Requirement: Among the records that follow, set down only the lines from the one containing "Set Implicit Arguments." to the one containing "Definition wedge1 (R", both included, exactly.

Data for analysis:
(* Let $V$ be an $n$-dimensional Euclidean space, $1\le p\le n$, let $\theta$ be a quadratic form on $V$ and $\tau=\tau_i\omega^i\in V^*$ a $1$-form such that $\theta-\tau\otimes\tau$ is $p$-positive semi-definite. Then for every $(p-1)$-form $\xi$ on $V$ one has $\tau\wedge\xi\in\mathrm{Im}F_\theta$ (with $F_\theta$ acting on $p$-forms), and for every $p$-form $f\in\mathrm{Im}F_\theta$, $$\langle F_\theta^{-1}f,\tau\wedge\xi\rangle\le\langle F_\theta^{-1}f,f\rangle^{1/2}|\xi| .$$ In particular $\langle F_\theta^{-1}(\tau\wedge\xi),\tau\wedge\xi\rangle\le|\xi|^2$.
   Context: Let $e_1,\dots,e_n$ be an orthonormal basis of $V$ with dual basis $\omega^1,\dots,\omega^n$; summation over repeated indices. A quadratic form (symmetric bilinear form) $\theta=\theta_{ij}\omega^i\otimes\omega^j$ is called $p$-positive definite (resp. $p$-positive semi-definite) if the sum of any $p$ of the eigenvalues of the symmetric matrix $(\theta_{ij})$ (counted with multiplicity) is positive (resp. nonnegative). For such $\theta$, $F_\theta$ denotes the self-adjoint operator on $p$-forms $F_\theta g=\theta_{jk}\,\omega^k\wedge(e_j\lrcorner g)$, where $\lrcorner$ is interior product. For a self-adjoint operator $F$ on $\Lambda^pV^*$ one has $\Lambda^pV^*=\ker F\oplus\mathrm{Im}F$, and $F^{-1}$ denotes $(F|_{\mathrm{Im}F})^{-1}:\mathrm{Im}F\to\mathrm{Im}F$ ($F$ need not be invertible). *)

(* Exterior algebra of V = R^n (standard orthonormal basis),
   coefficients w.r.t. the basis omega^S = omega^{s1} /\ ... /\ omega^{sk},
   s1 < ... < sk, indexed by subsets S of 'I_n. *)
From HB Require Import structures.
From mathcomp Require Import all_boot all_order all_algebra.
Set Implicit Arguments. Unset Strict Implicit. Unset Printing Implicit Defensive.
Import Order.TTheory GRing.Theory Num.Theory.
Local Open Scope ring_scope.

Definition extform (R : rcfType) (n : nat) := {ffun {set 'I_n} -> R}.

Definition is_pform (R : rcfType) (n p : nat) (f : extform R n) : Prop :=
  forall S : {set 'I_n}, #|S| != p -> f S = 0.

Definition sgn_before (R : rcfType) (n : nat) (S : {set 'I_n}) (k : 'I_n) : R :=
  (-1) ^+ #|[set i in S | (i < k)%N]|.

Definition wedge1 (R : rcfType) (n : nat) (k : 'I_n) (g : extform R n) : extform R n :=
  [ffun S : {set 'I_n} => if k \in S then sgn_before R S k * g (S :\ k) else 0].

Expected output:
Set Implicit Arguments. Unset Strict Implicit. Unset Printing Implicit Defensive.
Import Order.TTheory GRing.Theory Num.Theory.
Local Open Scope ring_scope.

Definition extform (R : rcfType) (n : nat) := {ffun {set 'I_n} -> R}.

Definition is_pform (R : rcfType) (n p : nat) (f : extform R n) : Prop :=
  forall S : {set 'I_n}, #|S| != p -> f S = 0.

Definition sgn_before (R : rcfType) (n : nat) (S : {set 'I_n}) (k : 'I_n) : R :=
  (-1) ^+ #|[set i in S | (i < k)%N]|.

Definition wedge1 (R : rcfType) (n : nat) (k : 'I_n) (g : extform R n) : extform R n :=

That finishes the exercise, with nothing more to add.